**PROMPT**. Keep to one stretch of the data below, the lines from the one with "by rewrite ltnNge h andbF." up to and including the one with "by apply/setP=> j; rewrite !inE; case: eqP => [->|]", and return that stretch exactly.

[[ TASK INPUT open ]]

Definition poly_image (k : fieldType) (n m : nat) (q : 'I_m -> {mpoly k[n]})
    (Z : ('I_n -> k) -> Prop) (w : 'I_m -> k) : Prop :=
  exists2 y, Z y & w = (fun j => (q j).@[y]).

From Stdlib Require Import Classical FunctionalExtensionality.
From HB Require Import structures.
From mathcomp Require Import all_boot all_order all_algebra.
From mathcomp Require Import mpoly.
From mathcomp Require Import zify ring.
Import GRing.Theory.
Local Open Scope ring_scope.

(* For a linear form g, the contraction h_g satisfies
      d h_g + h_g d = sum_i y_i g_i, so Kos(y, R/I) is exact when
      1 is in I + (y).  The top homology H_m is the annihilator of y in R/I,
      and H_0 = R/(I + (y)) is nonzero when I + (y) is proper.
   2. Weak Nullstellensatz on a finite grid: an ideal of k[X] without common
      zeros that contains a split polynomial in each single variable X_j is
      the whole ring (induction on the grid, splitting off linear factors).
   3. Finiteness.  Integrality of each x_j over k[q] yields a split monic
      polynomial in X_j in the fibre ideal I(Y) + (q - b); hence the fibre
      q^{-1}(b) lies in a finite grid and, if empty, the fibre ideal is R.
   The Taylor spectrum is then q(Y) by 1 and 2; the point spectrum is q(Y_is)
   since an annihilator of q - b is supported on the finite fibre over b,
   and an isolated point is cut out by a separating polynomial.  The
   statement about x is the special case q = x. *)

Set Implicit Arguments. Unset Strict Implicit. Unset Printing Implicit Defensive.

Section KoszulHomotopy.
Variables (R : comPzRingType) (m : nat).
Implicit Types (S T : {set 'I_m}) (y g : 'I_m -> R) (c : {set 'I_m} -> R).

(* The sign (-1)^#{j in T | j < i} by which e_i moves across e_T. *)
Definition kos_sign T (i : 'I_m) : R := (-1) ^+ #|[set j in T | (j < i)%N]|.

Definition kos_contract g c S : R :=
  \sum_(i < m | i \in S) kos_sign S i * g i * c (S :\ i).

Lemma kos_sign_setU1 T i : i \notin T -> kos_sign (i |: T) i = kos_sign T i.
Proof.
move=> iT; rewrite /kos_sign; congr (_ ^+ _); apply: eq_card => j.
by rewrite !inE; case: eqP => //= ->; rewrite ltnn andbF.
Qed.

Lemma kos_sign_setD1 T i : kos_sign (T :\ i) i = kos_sign T i.
Proof.
rewrite /kos_sign; congr (_ ^+ _); apply: eq_card => j.
by rewrite !inE; case: eqP => //= ->; rewrite ltnn /= andbF.
Qed.

Lemma kos_sign_sqr T i : kos_sign T i * kos_sign T i = 1.
Proof. by rewrite /kos_sign -exprD addnn -mul2n exprM sqrrN !expr1n. Qed.

(* Inserting i and deleting l commute up to exactly one sign change: this
   is the anticommutation behind d h + h d being a scalar. *)
Lemma kos_sign_swap T i l : i \notin T -> l \in T ->
  kos_sign T i * kos_sign (i |: T) l = - (kos_sign T l * kos_sign (T :\ l) i).
Proof.
move=> iT lT; have il : i != l by apply: contraNneq iT => ->.
have cardU : #|[set j in i |: T | (j < l)%N]|
           = ((i < l)%N + #|[set j in T | (j < l)%N]|)%N.
  case: (ltnP i l) => h.
    rewrite (_ : [set j in i |: T | (j < l)%N] = i |: [set j in T | (j < l)%N]).
      by rewrite cardsU1 inE (negbTE iT).
    by apply/setP=> j; rewrite !inE; case: eqP => // ->; rewrite h.
  rewrite add0n; apply: eq_card => j; rewrite !inE; case: eqP => //= ->.
  by rewrite ltnNge h andbF.
have cardD : #|[set j in T | (j < i)%N]|
           = ((l < i)%N + #|[set j in T :\ l | (j < i)%N]|)%N.
  case: (ltnP l i) => h.
    rewrite (_ : [set j in T | (j < i)%N] = l |: [set j in T :\ l | (j < i)%N]).
      by rewrite cardsU1 !inE eqxx.
    by apply/setP=> j; rewrite !inE; case: eqP => [->|] //=; rewrite lT h.
  rewrite add0n; apply: eq_card => j; rewrite !inE; case: eqP => //= ->.
  by rewrite lT ltnNge h.
have oppX e : - ((-1) ^+ e : R) = (-1) ^+ e.+1 by rewrite exprS mulN1r.
rewrite /kos_sign cardU cardD -!exprD oppX; congr (_ ^+ _).
case: (ltngtP i l) il => [||h] /=; try lia.
by move=> /eqP; case; apply: val_inj.
Qed.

[[ TASK INPUT closed ]]

**EXPECTED OUTPUT**.
  by rewrite ltnNge h andbF.
have cardD : #|[set j in T | (j < i)%N]|
           = ((l < i)%N + #|[set j in T :\ l | (j < i)%N]|)%N.
  case: (ltnP l i) => h.
    rewrite (_ : [set j in T | (j < i)%N] = l |: [set j in T :\ l | (j < i)%N]).
      by rewrite cardsU1 !inE eqxx.
    by apply/setP=> j; rewrite !inE; case: eqP => [->|] //=; rewrite lT h.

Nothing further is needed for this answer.